Her book, “On Death and Dying” is the one we are all at least a little familiar with, whether we realize it or not.  This is the book in which she outlines the “stages of grief – denial, anger, bargaining, depression and acceptance”.

How do we, as a society, blindly and unwittingly accept an idea as the gospel truth?  This is something I’ve always been fascinated by, but until my son was killed in a car accident, and professionals and others began quoting these “stages” to me, I hadn’t really given much time to considering the effects of accepting a theory, idea or observation as certainty.

Kubler-Ross’ idea of stages of grief came about as a result of many years of studying what a person goes through when they are told their death is imminent.

They are not the stages a grieving person goes through after the loss of a loved one.  They can be.  But there is no certain order to grieving a loss.  It is random, messy, unpredictable, sometimes crazy, and can be devastating.  There is no “going through the stages of grief” when someone dies.  It is preposterous to think that!  (IMHO)

I think this is a much more accurate depiction of grief than those five stages:

what grief looks like

And my personal journey of grief has looked, and sometimes continues to look more like this:

feel crazy feel less crazy

 

So today I’d like to share a section from a book that boldly tells it like it is, in regards to grieving a loss, by someone who might know a bit about it.  Tom Zuba is the author of Permission to Mourn, A New Way to Do Grief.  He lost his 18-month-old daughter, then 9 years later, his beloved wife, and 6 years after that, his 13-year-old son.  I have a hard time breathing just thinking about the magnitude of the losses he has experienced.  His writing in this section tells what I’m trying to express so much better than I can.

Enjoy.

The Unpredictability of Grief

“If you are working with a therapist, counselor, social worker, grief expert, minister, priest, or anyone else who is trying to help you navigate the wilderness of grief and they start talking about the groundbreaking observations of Elizabeth Kubler-Ross, suggesting there is an orderly, predictable unfolding of grief – please, please, please, do yourself a favor – Leave.
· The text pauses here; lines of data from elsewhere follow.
Definition smooth (f : R -> R) : Prop :=
  forall (n : nat) (x : R), ex_derive (Derive_n f n) x.

(* On [phim, phip] the function f is Lipschitz, say with constant L, and the
   level kappa is crossed at points tm < 0 < tp with f < kappa in between.
   Lower f by tau and take the maximum with four tents of a slope sg > L passing
   through (phim, f phim), (tm, kappa), (tp, kappa) and (phip, f phip): the
   result g is sg-Lipschitz, tau-close to f, affine with slope -sg or sg near
   each of the four points, and a margin below the levels f phip and kappa in
   between.  A Bernstein polynomial of g of high degree is smooth, uniformly
   close to g, has derivative bounded by sg, and, because Bernstein operators
   are local, has derivative within sg / 2 of -sg or sg near the four points.
   Strict monotonicity there and closeness elsewhere give (i) and (ii), and
   since sg depends only on f and kappa, R = sg + 1 works for every delta. *)

From Stdlib Require Import Reals Lra Lia Classical.
From Coquelicot Require Import Coquelicot.
Open Scope R_scope.

(** * Bernstein polynomials *)

(* De Casteljau's recursion for sum_k C(n, k) u^k (1 - u)^(n - k) h k. *)
Fixpoint bernstein (n : nat) (h : nat -> R) (u : R) : R :=
  match n with
  | O => h O
  | S m => (1 - u) * bernstein m h u + u * bernstein m (fun k => h (S k)) u
  end.

Lemma bernstein_ext n h h' u :
  (forall k, (k <= n)%nat -> h k = h' k) -> bernstein n h u = bernstein n h' u.
Proof.
  revert h h'; induction n as [|n IH]; intros h h' E; simpl.
  - apply E; lia.
  - rewrite (IH h h'), (IH (fun k => h (S k)) (fun k => h' (S k))); auto;
      intros k Hk; apply E; lia.
Qed.

Lemma bernstein_lin n a b h h' u :
  bernstein n (fun k => a * h k + b * h' k) u = a * bernstein n h u + b * bernstein n h' u.
Proof.
  revert h h'; induction n as [|n IH]; intros h h'; simpl; [reflexivity|].
  rewrite IH, (IH (fun k => h (S k))); ring.
Qed.

Lemma bernstein_scal n c h u : bernstein n (fun k => c * h k) u = c * bernstein n h u.
Proof.
  rewrite (bernstein_ext n _ (fun k => c * h k + 0 * h k)) by (intros; ring).
  rewrite bernstein_lin; ring.
Qed.

Lemma bernstein_const n c u : bernstein n (fun _ => c) u = c.
Proof. induction n as [|n IH]; simpl; [|rewrite IH]; ring. Qed.

Lemma bernstein_le n h h' u : 0 <= u <= 1 ->
  (forall k, (k <= n)%nat -> h k <= h' k) -> bernstein n h u <= bernstein n h' u.
Proof.
  revert h h'; induction n as [|n IH]; intros h h' Hu H; simpl.
  - apply H; lia.
  - assert (H0 := IH h h' Hu ltac:(intros k Hk; apply H; lia)).
    assert (H1 := IH (fun k => h (S k)) (fun k => h' (S k)) Hu
                    ltac:(intros k Hk; apply H; lia)).
    nra.
Qed.

Lemma bernstein_at_0 n h : bernstein n h 0 = h O.
Proof. revert h; induction n as [|n IH]; intros h; simpl; [|rewrite !IH]; ring. Qed.

Lemma bernstein_at_1 n h : bernstein n h 1 = h n.
Proof. revert h; induction n as [|n IH]; intros h; simpl; [|rewrite !IH]; ring. Qed.

Lemma bernstein_id n u : bernstein n INR u = INR n * u.
Proof.
  induction n as [|n IH]; cbn [bernstein]; [simpl; ring|].
  rewrite (bernstein_ext n (fun k => INR (S k)) (fun k => 1 * INR k + 1 * 1))
    by (intros; rewrite S_INR; ring).
  rewrite bernstein_lin, bernstein_const, IH, S_INR; ring.
Qed.

Lemma bernstein_sq n u :
  bernstein n (fun k => INR k ^ 2) u = INR n * u * (1 - u) + (INR n * u) ^ 2.
Proof.
  induction n as [|n IH]; cbn [bernstein]; [simpl; ring|].
  rewrite (bernstein_ext n (fun k => INR (S k) ^ 2) (fun k => 1 * INR k ^ 2 + 1 * (2 * INR k + 1)))
    by (intros; rewrite S_INR; ring).
  rewrite bernstein_lin.
  rewrite (bernstein_ext n (fun k => 2 * INR k + 1) (fun k => 2 * INR k + 1 * 1)) by (intros; ring).
  rewrite bernstein_lin, bernstein_const, IH, bernstein_id, S_INR. ring.
Qed.

Lemma bernstein_variance n u :
  bernstein n (fun k => (INR k - INR n * u) ^ 2) u = INR n * u * (1 - u).
Proof.
  rewrite (bernstein_ext n _
    (fun k => 1 * INR k ^ 2 + 1 * ((-2 * INR n * u) * INR k + (INR n * u) ^ 2 * 1)))
    by (intros; ring).
  rewrite !bernstein_lin, bernstein_const, bernstein_sq, bernstein_id; ring.
Qed.

Lemma bernstein_quadratic n c A u :
  bernstein n (fun k => c + A * (INR k - INR n * u) ^ 2) u = c + A * (INR n * u * (1 - u)).
Proof.
  rewrite (bernstein_ext n _ (fun k => c * 1 + A * (INR k - INR n * u) ^ 2)) by (intros; ring).
  rewrite bernstein_lin, bernstein_const, bernstein_variance; ring.
Qed.

Lemma bernstein_deviation n h c e A u : 0 <= u <= 1 ->
  (forall k, (k <= n)%nat -> Rabs (h k - c) <= e + A * (INR k - INR n * u) ^ 2) ->
  Rabs (bernstein n h u - c) <= e + A * (INR n * u * (1 - u)).
Proof.
  intros Hu H. apply Rabs_le; split.
  - enough (c - e + - A * (INR n * u * (1 - u)) <= bernstein n h u) by lra.
    rewrite <- bernstein_quadratic. apply bernstein_le; auto.
    intros k Hk. apply H, Rabs_le_between in Hk. lra.
  - enough (bernstein n h u <= c + e + A * (INR n * u * (1 - u))) by lra.
    rewrite <- bernstein_quadratic. apply bernstein_le; auto.
    intros k Hk. apply H, Rabs_le_between in Hk. lra.
Qed.

Lemma is_derive_bernstein n h u :
  is_derive (bernstein n h) u (INR n * bernstein (pred n) (fun k => h (S k) - h k) u).
Proof.
  revert h; induction n as [|m IH]; intros h.
  - replace (INR 0 * _) with 0 by (simpl; ring). exact (is_derive_const (h O) u).
  - set (F := bernstein m h); set (G := bernstein m (fun k => h (S k))).
    assert (HF := IH h); assert (HG := IH (fun k => h (S k))); fold F G in HF, HG.
    assert (D := is_derive_plus _ _ u _ _
      (Derive.is_derive_mult (fun u => 1 - u) F u _ _
         (is_derive_minus _ _ u _ _ (is_derive_const 1 u) (is_derive_id u)) HF)
      (Derive.is_derive_mult (fun u => u) G u _ _ (is_derive_id u) HG)).
    match type of D with is_derive _ _ ?l => replace (INR (S m) * _) with l end; [exact D|].
    assert (Ediff : G u - F u = bernstein m (fun k => h (S k) - h k) u).
    { rewrite (bernstein_ext m _ (fun k => 1 * h (S k) + (-1) * h k)) by (intros; ring).
      rewrite bernstein_lin; unfold F, G; ring. }
    rewrite S_INR; cbn [pred]. change (plus ?a ?b) with (a + b). change (minus ?a ?b) with (a - b).
    change zero with 0. change one with 1. cbv beta.
    destruct m as [|m]; cbn [pred bernstein] in *; [simpl INR|]; lra.
Qed.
People who are dying often experience five stages of grief: denial, anger, bargaining, depression and acceptance.  They are grieving their impending death.  This is what Elizabeth Kubler-Ross observed.

People who are learning to live with the death of a beloved have a different process.  It isn’t the same.  It isn’t orderly.  It isn’t predictable.

Grief is wild and messy and unpredictable and uncertain and ever-changing and unsettling and unnerving.

Everyone grieves.  Everyone.

Grief is the internal, automatic response to loss.

If you are alive and have attached to something.  Anything.  A job.  A pet.  Your health.  Your looks.  Your house.  A person.  A certain lifestyle.  Your car.  Anything.

If you have attached to something and you lose that something, you grieve.  Automatic.  Internal.

And as much as I’d like to tell you that grief will be orderly, neat and tidy, predictable, and unfold in five stages.  It will not.  Period.

Most of us (all of us) are ill-prepared and ill-equipped to go with the flow of grief when it is our time, because we never talk about it.   What it’s like to live with grief.

Grief expresses itself in surprising and confusing ways.  There may be times all you want to do is sleep and other times when you can’t sleep at all.

There may be times when you eat and eat and eat and other times when you have no appetite.  You may feel confused, sad, anxious, desperate, angry, frightened, lonely, nauseous, numb, dazed, dizzy, to name a few of the ways that grief expresses itself seemingly all at the same time.

And when your arms physically ache to hold your beloved, when you have heart palpitations and stomach pains and fight to keep your balance, this too is grief.

You think you are going crazy.

You are not.

You have entered the wilderness of grief.

And in order to get out, you must go through.

Period.

You must give yourself permission to mourn.